Atriums are not something I do every day.

The building is five stories. type II-A with a sprinkler system throughout.  The upper levels have a balcony open to the atrium and they connect to two open stairs at each end of the atrium.  The Atrium and its balcony is separated from the offices with a 1-hour rated wall.  The rated wall has 20-minute doors.  I think the wall, which is the fire barrier to separate the Atrium, is to have 45-minute rated doors.  The Atrium balcony also has the location of the restrooms.  I read the 2006 Section on Atriums and the Commentary and it appears that you can egress through the Atrium but the open stairs in the Atrium cannot be used as the EXIT.  Is that a correct interpretation?  Is there anything else you see as needing correction?


----------



## AegisFPE (Nov 16, 2010)

All atria are not created equal, and there are many facets to them.

Section 404.4 requires smoke control per 909 for 3+ story atria, and 909.4.6 references the egress time as a factor in determining the duration of smoke control system operation.  In determining the egress time, I think it would be fair to assume that occupants would use the open stairs if they remained in a tenable environment, such as how Section 909.8.1 describes maintaining the smoke layer 6 feet above the walking surface, in addition to other criteria as identified in a rational analysis (per 909.4).

Depending on the configuration of the atrium, there may be no fire scenario that results in untenable conditions at a stair, or maybe one or both open stairs become blocked.  Therefore, in addition to the specific performance-based design for the atrium, prescriptive code compliance with Section 1020 should also be evaluated.
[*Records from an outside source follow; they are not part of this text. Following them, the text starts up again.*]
Lemma glue_glue X Y s w : glue Y (glue X s w) w = glue (X :&: Y) s w.
Proof. by apply/ffunP => i; rewrite !glueE !inE; case: (i \in X); case: (i \in Y). Qed.

Lemma agree_offP w S s : reflect (forall i, i \notin S -> s i = w i) (agree_off w S s).
Proof.
apply: (iffP forallP) => [s_off i Si | s_off i]; first exact/eqP/(implyP (s_off i)).
by apply/implyP => /s_off ->.
Qed.

Lemma agree_off_glue S s w : agree_off w S (glue S s w).
Proof. by apply/agree_offP => i Si; rewrite glueE (negbTE Si). Qed.

Lemma glue_agree_off S s w : agree_off w S s -> glue S s w = s.
Proof. by move=> /agree_offP s_off; apply/ffunP => i; rewrite glueE; case: ifPn => // /s_off. Qed.

Lemma val_resX X s i : val (resX X s i) = if i \in X then val (s i) else 0%N.
Proof. by rewrite /resX ffunE /dimX /=; case: (i \in X). Qed.

Lemma cfgX_eq X (a b : cfgX d X) : (forall i, i \in X -> val (a i) = val (b i)) -> a = b.
Proof.
move=> eq_ab; apply/ffunP => i; apply: val_inj.
case: (boolP (i \in X)) => [/eq_ab // | notXi].
have dim1 : dimX d X i = 1%N by rewrite /dimX (negbTE notXi).
have lt1 (c : cfgX d X) : val (c i) = 0%N.
  by apply/eqP; rewrite -leqn0 -ltnS -dim1 ltn_ord.
by rewrite !lt1.
Qed.

Lemma resX_eq X s t : (forall i, i \in X -> s i = t i) -> resX X s = resX X t.
Proof. by move=> eq_st; apply: cfgX_eq => i Xi; rewrite !val_resX Xi eq_st. Qed.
Toilet rooms probably have a low occupant load (though this may not hold true for some assembly spaces) such that if early fire detection is achieved and early occupant notification results, the evacuation of occupants from the toilet rooms through the atrium space could be acceptable prior to untenable conditions on the top balcony level.

A Fire Protection Engineer experienced in atrium design should be able to address the applicable criteria for this project on behalf of the design team.  You may find some atrium checklists online by looking at sites of other jurisdictions where atria may be more prevalent to see if there are any other apparent discrepancies.


----------



## texasbo (Nov 16, 2010)

Open stairs in the atria may be used as exit access; in fact, 404.8 specifically addresses such arrangements by limiting exit access travel distance (except at the lowest level) to 200 feet. I have seen few atria that did not include open stairs used as exit access.

As Aegis said, proper design of smoke control is critical.


----------



## RJJ (Nov 16, 2010)

So if exist travel distance is limited to 200'. The atria could only be used for the floor/floors that have direct access that do not exceed the 200' ?


----------



## texasbo (Nov 16, 2010)

The portion of the travel distance within the atrium cannot exceed 200'.


----------